Amuchina
- Type: Disinfectant
- Inventor: Oronzio De Nora
- Inception: 1923
- Manufacturer: Angelini
- Available: Yes
- Website: www.amuchina.it

= Amuchina =

Amuchina is an Italian sanitizing liquid solution produced by Angelini Industries. The solution, based on sodium hypochlorite, is reported to eliminate 99.9% of bacteria, fungi and viruses. The brand was invented by Oronzio De Nora in 1923. It was acquired by Angelini in 2000. The product is produced in two of Angelini's production lines, one in Ancona, Italy and the other near Switzerland.

== History ==
The solution was invented by Oronzio De Nora and patented while he was a student at Politecnico di Milano in 1923. He sold the patent prior to founding De Nora. The name is inspired by the Greek word for scratch or abrasion.

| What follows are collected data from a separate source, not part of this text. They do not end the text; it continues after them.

(* In the Ewens setting, let $\Delta W(N,k)=W(N,k+1)-W(N,k)$ for $0\le k\le N-2$. Then for every $k\ge0$: $$\Delta W(k+2,k)=\theta\,(\theta-(k+1))\,[k]_\theta,$$ and for all $N\ge k+3$, $$\Delta W(N,k)=(N-1)\,\Delta W(N-1,k)+\theta^2\,\frac{(N-2)!}{k!}\,[k]_\theta.$$
   Context: Permutations of $\{1,\dots,N\}$ are written in one-line notation; $\mathfrak S_N$ is the set of all of them. An entry $\pi_j$ is a left-to-right maximum if $\pi_j>\pi_i$ for all $i<j$; $\mathrm{lrm}(\pi)$ is the number of left-to-right maxima. Let $\theta>0$. For $0\le k\le N-1$, a permutation $\pi\in\mathfrak S_N$ is $k$-winnable if the first index $j>k$ such that $\pi_j$ is a left-to-right maximum satisfies $\pi_j=N$. Ewens setting: $W(N,k)=\sum_{k\text{-winnable }\pi\in\mathfrak S_N}\theta^{\mathrm{lrm}(\pi)}$, with $W(N,N):=0$, and $[m]_\theta=\theta(\theta+1)\cdots(\theta+m-1)$ with $[0]_\theta=1$. *)

From HB Require Import structures.
From mathcomp Require Import all_boot all_order all_algebra all_fingroup.
Set Implicit Arguments. Unset Strict Implicit. Unset Printing Implicit Defensive.
Import Order.TTheory GRing.Theory Num.Theory.
Local Open Scope ring_scope.

(* Permutations of {1..N} are encoded as s : 'S_N (permutations of 'I_N = {0..N-1});
   position j (0-based) holds the value s j (0-based).  So the paper's pi_{j+1} = s j + 1. *)

Definition is_lrmax (N : nat) (s : 'S_N) (j : 'I_N) : bool :=
  [forall i : 'I_N, (i < j)%N ==> (s i < s j)%N].

Definition lrm (N : nat) (s : 'S_N) : nat := #|[set j : 'I_N | is_lrmax s j]|.

(* k-winnable: the first (1-based) index j > k (i.e. 0-based j >= k) which is a
   left-to-right maximum carries the maximal value N (0-based value N-1). *)
Definition winnable (N k : nat) (s : 'S_N) : bool :=
  [exists j : 'I_N,
     [&& (k <= j)%N, is_lrmax s j,
         [forall i : 'I_N, ((k <= i)%N && (i < j)%N) ==> ~~ is_lrmax s i]
       & (nat_of_ord (s j) == N.-1)]].

Definition W (R : numDomainType) (theta : R) (N k : nat) : R :=
  if (k < N)%N then \sum_(s : 'S_N | winnable k s) theta ^+ lrm s else 0.

Definition DW (R : numDomainType) (theta : R) (N k : nat) : R :=
  W theta N k.+1 - W theta N k.

Definition rising (R : numDomainType) (theta : R) (m : nat) : R :=
  \prod_(i < m) (theta + i%:R).

From HB Require Import structures.
From mathcomp Require Import all_boot all_order all_algebra all_fingroup.
Set Implicit Arguments. Unset Strict Implicit. Unset Printing Implicit Defensive.
Import Order.TTheory GRing.Theory Num.Theory.
Local Open Scope ring_scope.
From mathcomp Require Import zify ring.

(* Every permutation of {0..n} is obtained uniquely as
   [lift_perm ord_max v t]: its last entry is v and its first n entries are in
   the relative order of t : 'S_n.  Appending an entry preserves the
   left-to-right maxima of t and adds one exactly when v is the maximum.
   Hence the last entry is a winning maximum iff v is maximal and t has no
   left-to-right maximum at a position >= k, while a non-maximal last entry
   changes nothing.  Writing Wnone(n,k) for the theta^lrm weight of the
   permutations of 'S_n without left-to-right maximum at a position >= k,
   this yields the first-order recursions
     W(n+1,k) = n W(n,k) + theta Wnone(n,k),   Wnone(n+1,k) = n Wnone(n,k),
   and the Ewens normalisation Wnone(n,n) = [n]_theta gives the closed form
   Wnone(n,k) = [k]_theta * k (k+1) ... (n-1).  Subtracting the recursions for
   k and k+1 gives DW(n+1,k) = n DW(n,k) + theta^2 [k]_theta (n-1)!/k!, and
   DW(k+1,k) = -theta [k]_theta starts it: both claims follow. *)

Lemma ltn_bump2 h i j : (bump h i < bump h j)%N = (i < j)%N.
Proof. by rewrite !ltnNge leq_bump2. Qed.

Lemma bump_eq_pred h x m :
  (h < m)%N -> (x < m)%N -> (bump h x == m) = (x == m.-1).
Proof. by rewrite /bump; case: leqP => hx hm xm; apply/eqP/eqP; lia. Qed.

Definition no_lrmax_from n k (s : 'S_n) : bool :=
  [forall p : 'I_n, (k <= p)%N ==> ~~ is_lrmax s p].

Section LastEntry.
Variable n : nat.
Implicit Types (v : 'I_n.+1) (t : 'S_n) (p : 'I_n).

Lemma neq_max_lt v : v != ord_max -> (v < n)%N.
Proof. by move: (ltn_ord v); rewrite -val_eqE /=; lia. Qed.

Lemma lrmax_lift v t p :
  is_lrmax (lift_perm ord_max v t) (lift ord_max p) = is_lrmax t p.
Proof.
apply/forallP/forallP => lr i.
  by have := lr (lift ord_max i); rewrite !lift_perm_lift /= !ltn_bump2.
case: (unliftP ord_max i) => [i'|] ->.
  by rewrite !lift_perm_lift /= !ltn_bump2; apply: lr.
by rewrite (lift_max p) ltnNge ltnW.
Qed.

Lemma lrmax_last v t : is_lrmax (lift_perm ord_max v t) ord_max = (v == ord_max).
Proof.
case: eqVneq => [-> | vmax].
  apply/forallP => i; case: (unliftP ord_max i) => [i'|] ->; last by rewrite ltnn.
  by rewrite lift_perm_lift lift_perm_id (lift_max i') (lift_max (t i')) !ltn_ord.
have vn := neq_max_lt vmax.
apply/forallP => /(_ (lift ord_max (t^-1 (Ordinal vn)))%g).
rewrite lift_perm_lift lift_perm_id permKV (lift_max (t^-1 (Ordinal vn))%g) ltn_ord.
by rewrite /= /bump leqnn add1n ltnNge leqnSn.
Qed.

Lemma lrm_lift v t : lrm (lift_perm ord_max v t) = (lrm t + (v == ord_max))%N.
Proof.
rewrite /lrm -!sum1_card !big_mkcond (bigD1_ord ord_max) //= in_set lrmax_last addnC.
congr (_ + _); rewrite [RHS]big_mkcond; apply: eq_bigr => p _.
by rewrite !in_set lrmax_lift.
Qed.

(* For k <= n the last position counts, so it must not be a maximum. *)
Lemma no_lrmax_from_lift k v t : (k <= n)%N ->
  no_lrmax_from k (lift_perm ord_max v t) = (v != ord_max) && no_lrmax_from k t.
Proof.
move=> kn; apply/forallP/andP => [nolr | [vmax nolr] i].
  split; first by have := nolr ord_max; rewrite lrmax_last /= kn.
  by apply/forallP => p; have := nolr (lift ord_max p); rewrite lrmax_lift (lift_max p).
case: (unliftP ord_max i) => [p|] ->; last by rewrite lrmax_last vmax implybT.
by rewrite lrmax_lift (lift_max p); apply: (forallP nolr).
Qed.

Lemma winnable_last k t : (k <= n)%N ->
  winnable k (lift_perm ord_max ord_max t) = no_lrmax_from k t.
Proof.
move=> kn; apply/existsP/forallP => [[j /and4P [_ _ before top]] p | nolr].
  case: (unliftP ord_max j) before top => [j'|] -> before top.
    by move: top; rewrite lift_perm_lift (lift_max (t j')) /= ltn_eqF.
  apply/implyP => kp; have := forallP before (lift ord_max p).
  by rewrite (lift_max p) kp ltn_ord lrmax_lift.
exists ord_max; rewrite /= kn lrmax_last lift_perm_id !eqxx /= andbT.
apply/forallP => i; case: (unliftP ord_max i) => [p|] ->; last by rewrite ltnn andbF.
by rewrite (lift_max p) lrmax_lift; apply/implyP => /andP [kp _]; apply: (implyP (nolr p)).
Qed.

Lemma winnable_other k v t : v != ord_max ->
  winnable k (lift_perm ord_max v t) = winnable k t.
Proof.
move=> /neq_max_lt vn.
have top p : (lift_perm ord_max v t (lift ord_max p) == n :> nat) = (t p == n.-1 :> nat).
  by rewrite lift_perm_lift /= bump_eq_pred.
apply/existsP/existsP => [[j /and4P [kj lrj before topj]] | [j /and4P [kj lrj before topj]]].
  case: (unliftP ord_max j) kj lrj before topj => [j'|] -> kj lrj before topj; last first.
    by move: topj; rewrite lift_perm_id /= ltn_eqF.
  exists j'; move: kj lrj topj; rewrite (lift_max j') lrmax_lift top => -> -> -> /=.
  rewrite andbT; apply/forallP => i; have := forallP before (lift ord_max i).
  by rewrite !(lift_max i) (lift_max j') lrmax_lift.
exists (lift ord_max j); rewrite (lift_max j) lrmax_lift kj lrj top topj andbT /=.
apply/forallP => i; case: (unliftP ord_max i) => [p|] ->.
  by rewrite (lift_max p) lrmax_lift; apply: (forallP before p).
by rewrite [(_ < j)%N]ltnNge (ltnW (ltn_ord j)) andbF.
Qed.
End LastEntry.

Lemma lift_perm_max_inj n :
  injective (fun vt : 'I_n.+1 * 'S_n => lift_perm ord_max vt.1 vt.2).
Proof.
move=> [v t] [v' t'] /= eq_lift.
have eq_v : v' = v by rewrite -(lift_perm_id ord_max v' t') -eq_lift lift_perm_id.
subst v'; congr (_, _); apply/permP => p; apply: (@lift_inj _ v).
by rewrite -!(lift_perm_lift ord_max) eq_lift.
Qed.

Lemma sum_perm_last (V : nmodType) n (F : 'S_n.+1 -> V) :
  \sum_(s : 'S_n.+1) F s = \sum_(v : 'I_n.+1) \sum_(t : 'S_n) F (lift_perm ord_max v t).
Proof.
have lift_bij : bijective (fun vt : 'I_n.+1 * 'S_n => lift_perm ord_max vt.1 vt.2).
  by apply: inj_card_bij (@lift_perm_max_inj n) _; rewrite card_prod !card_Sn card_ord.
by rewrite pair_big (reindex _ (onW_bij _ lift_bij)); apply: eq_bigl.
Qed.

Section EwensWeights.
Variables (R : numDomainType) (theta : R).

Definition Wnone n k : R := \sum_(s : 'S_n | no_lrmax_from k s) theta ^+ lrm s.

(* The convention W(n,n) = 0 agrees with the sum, which is empty for n <= k. *)
Lemma W_sum n k : W theta n k = \sum_(s : 'S_n | winnable k s) theta ^+ lrm s.
Proof.
rewrite /W; case: ltnP => // nk; rewrite big_pred0 // => s.
by apply/existsP => -[j /andP [kj _]]; move: (ltn_ord j); lia.
Qed.

Lemma sum_over_last_entry n (G : 'I_n.+1 -> R) (x : R) :
  (forall v, v != ord_max -> G v = x) -> \sum_(v : 'I_n.+1) G v = n%:R * x + G ord_max.
Proof.
move=> Gx; rewrite (bigD1 ord_max) //= addrC (eq_bigr (fun _ => x)) //.
by rewrite sumr_const cardC1 card_ord mulr_natl.
Qed.

Lemma W_rec n k : (k <= n)%N ->
  W theta n.+1 k = n%:R * W theta n k + theta * Wnone n k.
Proof.
move=> kn; rewrite W_sum big_mkcond sum_perm_last (sum_over_last_entry (x := W theta n k)).
  congr (_ + _); rewrite /Wnone big_distrr [RHS]big_mkcond; apply: eq_bigr => t _.
  by rewrite winnable_last // lrm_lift eqxx addn1 exprS; case: ifP; rewrite ?mulr0.
move=> v vmax; rewrite W_sum [RHS]big_mkcond; apply: eq_bigr => t _.
by rewrite winnable_other // lrm_lift (negbTE vmax) addn0.
Qed.

(* Recursion for Wnone: the last entry must not be the maximum. *)
Lemma Wnone_rec n k : (k <= n)%N -> Wnone n.+1 k = n%:R * Wnone n k.
Proof.
move=> kn; rewrite /Wnone big_mkcond sum_perm_last (sum_over_last_entry (x := Wnone n k)).
  by rewrite big1 ?addr0 // => t _; rewrite no_lrmax_from_lift // eqxx.
move=> v vmax; rewrite /Wnone [RHS]big_mkcond; apply: eq_bigr => t _.
by rewrite no_lrmax_from_lift // vmax lrm_lift (negbTE vmax) addn0.
Qed.

Lemma rising_S k : rising theta k.+1 = rising theta k * (theta + k%:R).
Proof. by rewrite /rising big_ord_recr. Qed.

Lemma ewens_total n : \sum_(s : 'S_n) theta ^+ lrm s = rising theta n.
Proof.
elim: n => [|n IH].
  rewrite /rising big_ord0 (eq_bigr (fun _ => 1)) ?sumr_const ?card_Sn // => s _.
  by rewrite /lrm (@eq_card0 _ [set j | is_lrmax s j]) // => -[].
rewrite sum_perm_last (sum_over_last_entry (x := rising theta n)).
  rewrite rising_S (eq_bigr (fun t => theta * theta ^+ lrm t)) -?big_distrr /= ?IH.
    by ring.
  by move=> t _; rewrite lrm_lift eqxx addn1 exprS.
move=> v vmax; rewrite -IH; apply: eq_bigr => t _.
by rewrite lrm_lift (negbTE vmax) addn0.
Qed.

(* For k = n the condition on positions >= n is void. *)
Lemma Wnone_diag n : Wnone n n = rising theta n.
Proof.
rewrite -ewens_total; apply: eq_bigl => s.
by apply/forallP => p; rewrite leqNgt ltn_ord.
Qed.

Lemma Wnone_closed n k : (k <= n)%N ->
  Wnone n k = rising theta k * \prod_(k <= i < n) i%:R.
Proof.
move=> /subnKC <-; elim: (n - k)%N => [|d IH].
  by rewrite addn0 Wnone_diag big_geq ?mulr1.
by rewrite addnS Wnone_rec ?leq_addr // IH big_nat_recr ?leq_addr //=; ring.
Qed.

Lemma DW_rec n k : (k < n)%N ->
  DW theta n.+1 k
  = n%:R * DW theta n k + theta ^+ 2 * rising theta k * \prod_(k.+1 <= i < n) i%:R.
Proof.
move=> kn; rewrite /DW (W_rec kn) (W_rec (ltnW kn)).
by rewrite (Wnone_closed kn) (Wnone_closed (ltnW kn)) (big_ltn kn) rising_S; ring.
Qed.

(* Initial value: W(k+1,k+1) = 0 and W(k+1,k) = theta [k]_theta. *)
Lemma DW_diag k : DW theta k.+1 k = - (theta * rising theta k).
Proof.
by rewrite /DW (W_rec (leqnn k)) Wnone_diag /W !ltnn mulr0 !add0r.
Qed.
End EwensWeights.

Theorem corollary4p4 (R : realFieldType) (theta : R) (htheta : 0 < theta) (k : nat) :
  DW theta k.+2 k = theta * (theta - k.+1%:R) * rising theta k /\
  (forall N : nat, (k + 3 <= N)%N ->
     DW theta N k =
       (N.-1)%:R * DW theta N.-1 k
       + theta ^+ 2 * ((N - 2)`!%:R / k`!%:R) * rising theta k).
Proof.
split; first by rewrite (DW_rec _ (ltnSn k)) DW_diag big_geq // mulr1; ring.
case=> [|n]; rewrite addn3 // ltnS => kn.
have fact_ratio : (n.+1 - 2)`!%:R / k`!%:R = \prod_(k.+1 <= i < n) i%:R :> R.
  have [n_pos k_le] : (0 < n)%N /\ (k <= n.-1)%N by lia.
  rewrite subSS subn1 (fact_split k_le) prednK //.
  by rewrite natrM natr_prod mulrAC divff ?mul1r // pnatr_eq0 -lt0n fact_gt0.
by rewrite (DW_rec _ (ltnW kn)) fact_ratio /=; ring.
Qed.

The product was widely used to prevent tuberculosis starting with the 1939 epidemic. Its use was largely at pharmacies and hospitals until it gained wide popularity during the cholera epidemic in the 1980s. It was also used in the 2002–2004 SARS outbreak and H1N1 in 2009.

The solution played a big role in Italy's response to the Coronavirus pandemic where shortages were reported. 7,000 dispensers of Amuchina were added to Trenitalia trains in 2021 in a partnership between the train company and Angelini. De Nora also invented machines to Codogno to produce sodium hypochlorite.

== Popular culture ==
An artist has used Amuchina to paint.